Jan 14, 2012, 01.58 AMby Michele Griffin Creamer
ok I am just finished with this. Although I have the part that lifts uf and over to the left there is no way it will go anywhere near the looper so that I can slide it on. even after bring my upper looper to its lowest point. Is it possible I just don’t have one on this 4 thread and just cannot use 2 threads only My very basic manual shows me three stitches: Rolled hemming, Picot edging and then narrow hemming and the settings for those only. It does not mention anything about a subsidiary looper. The direction I have written above came from someone who said they had the same model as mine a europro 534dx. I will call my mother in law tomorrow and ask her if she remembers about this machine as she handed down to me. If not and worse comes to worse, I will bring the machine to a local sewing center and ask them to help me. I have been at this going on 3 days and am ready to pull my hair out as I have already purchased a pattern and fabric for my first project and was hoping to dedicate Sat. and Sun. to it. It’ll be a shame that I have to wait until next weekend Again ty for your time.

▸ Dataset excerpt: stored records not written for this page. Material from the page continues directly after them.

(* Let $\mathcal{X}$ be a connected $n$-premaniplex and $(\mathcal{Y},\eta)$ an $(n,m)$-voltage operator that preserves connectivity. Let $\Gamma$ be the set of automorphisms of $\mathcal{Y}$ that lift to $\mathcal{X}\rtimes_\eta\mathcal{Y}$, and $\tilde\Gamma$ the set of automorphisms of $\mathcal{X}\rtimes_\eta\mathcal{Y}$ that are lifts of elements of $\Gamma$. Then $\Gamma\le\operatorname{Aut}(\mathcal{Y})$ and $\tilde\Gamma\le\operatorname{Aut}(\mathcal{X}\rtimes_\eta\mathcal{Y})$ are subgroups, and there are an injective homomorphism $\iota:\operatorname{Aut}(\mathcal{X})\to\tilde\Gamma$ (given by $(x,y)\iota(\alpha)=(x\alpha,y)$) and a surjective homomorphism $\pi:\tilde\Gamma\to\Gamma$ (sending a lift of $\tau$ to $\tau$) with $\iota(\operatorname{Aut}(\mathcal{X}))=\ker\pi$. Consequently $\iota(\operatorname{Aut}(\mathcal{X}))\trianglelefteq\tilde\Gamma$, $\tilde\Gamma/\iota(\operatorname{Aut}(\mathcal{X}))\cong\Gamma$, and if $\mathcal{X}$ and $\mathcal{Y}$ are finite then $|\tilde\Gamma|=|\operatorname{Aut}(\mathcal{X})|\,|\Gamma|$.
   Context: An $n$-premaniplex is an edge-coloured graph (semi-edges and parallel edges allowed) with colours $\{0,\dots,n-1\}$ such that every vertex (flag) is the start of exactly one dart of each colour, and for $|i-j|\ge2$ alternating $i,j$-paths of length 4 are closed; $x^i$ is the $i$-adjacent flag of $x$. $\mathcal{C}^n=\langle r_0,\dots,r_{n-1}\mid r_i^2,\ (r_ir_j)^2\ (|i-j|\ge2)\rangle$ acts on the left on flags by $r_ix=x^i$; automorphisms act on the right. For a flag $y$ of an $m$-premaniplex $\mathcal{Y}$ and $\omega\in\mathcal{C}^m$, $W_\omega(y)$ is the homotopy class of paths from $y$ whose colour sequence $i_1,\dots,i_k$ satisfies $r_{i_k}\cdots r_{i_1}=\omega$; these form the fundamental groupoid $\Pi(\mathcal{Y})$. A voltage assignment $\eta:\Pi(\mathcal{Y})\to\mathcal{C}^n$ satisfies $\eta(W_1W_2)=\eta(W_2)\eta(W_1)$; $(\mathcal{Y},\eta)$ is an $(n,m)$-voltage operator. $\mathcal{X}\rtimes_\eta\mathcal{Y}$ has flags $\mathcal{X}\times\mathcal{Y}$ and $(x,y)^i=(\eta(W_{r_i}(y))x,r_iy)$, $i\in\{0,\dots,m-1\}$. The operator preserves connectivity if $\mathcal{X}\rtimes_\eta\mathcal{Y}$ is connected whenever $\mathcal{X}$ is. $\tilde\tau\in\operatorname{Aut}(\mathcal{X}\rtimes_\eta\mathcal{Y})$ is a lift of $\tau\in\operatorname{Aut}(\mathcal{Y})$ if the $\mathcal{Y}$-coordinate of $(x,y)\tilde\tau$ is $y\tau$ for all $(x,y)$; $\tau$ lifts if it has a lift. Standing convention: $\mathcal{Y}$ has a spanning tree all of whose darts have trivial voltage. *)

From HB Require Import structures.
From Stdlib Require Import Relation_Operators.
From mathcomp Require Import all_boot.
From mathcomp Require Import boolp classical_sets functions cardinality.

Jan 14, 2012, 02.26 AMby patti-r
Might be better to have some who knows the machine check it out. If it gave directions for a 2 thread it should have it, I checked the model but did not give much info except 4 thread with extra feet.
Let us know how it goes, got my fingers crossed for you…
Mar 2, 2013, 04.28 PMby Faith Marrett
@ michelle where did u find the Eruo Pro serger manual online i have been looking but am unable to find please help
Mar 26, 2013, 12.11 PMby nomadiclucy
Just to note that I think in Europe the Euro-Pro 534DX is sold as Baby Lock Prestige 750DS (and note UK terminology of ‘overlocker’ instead of US word ‘serger’ if searching online). This might help with finding manuals, instructions etc.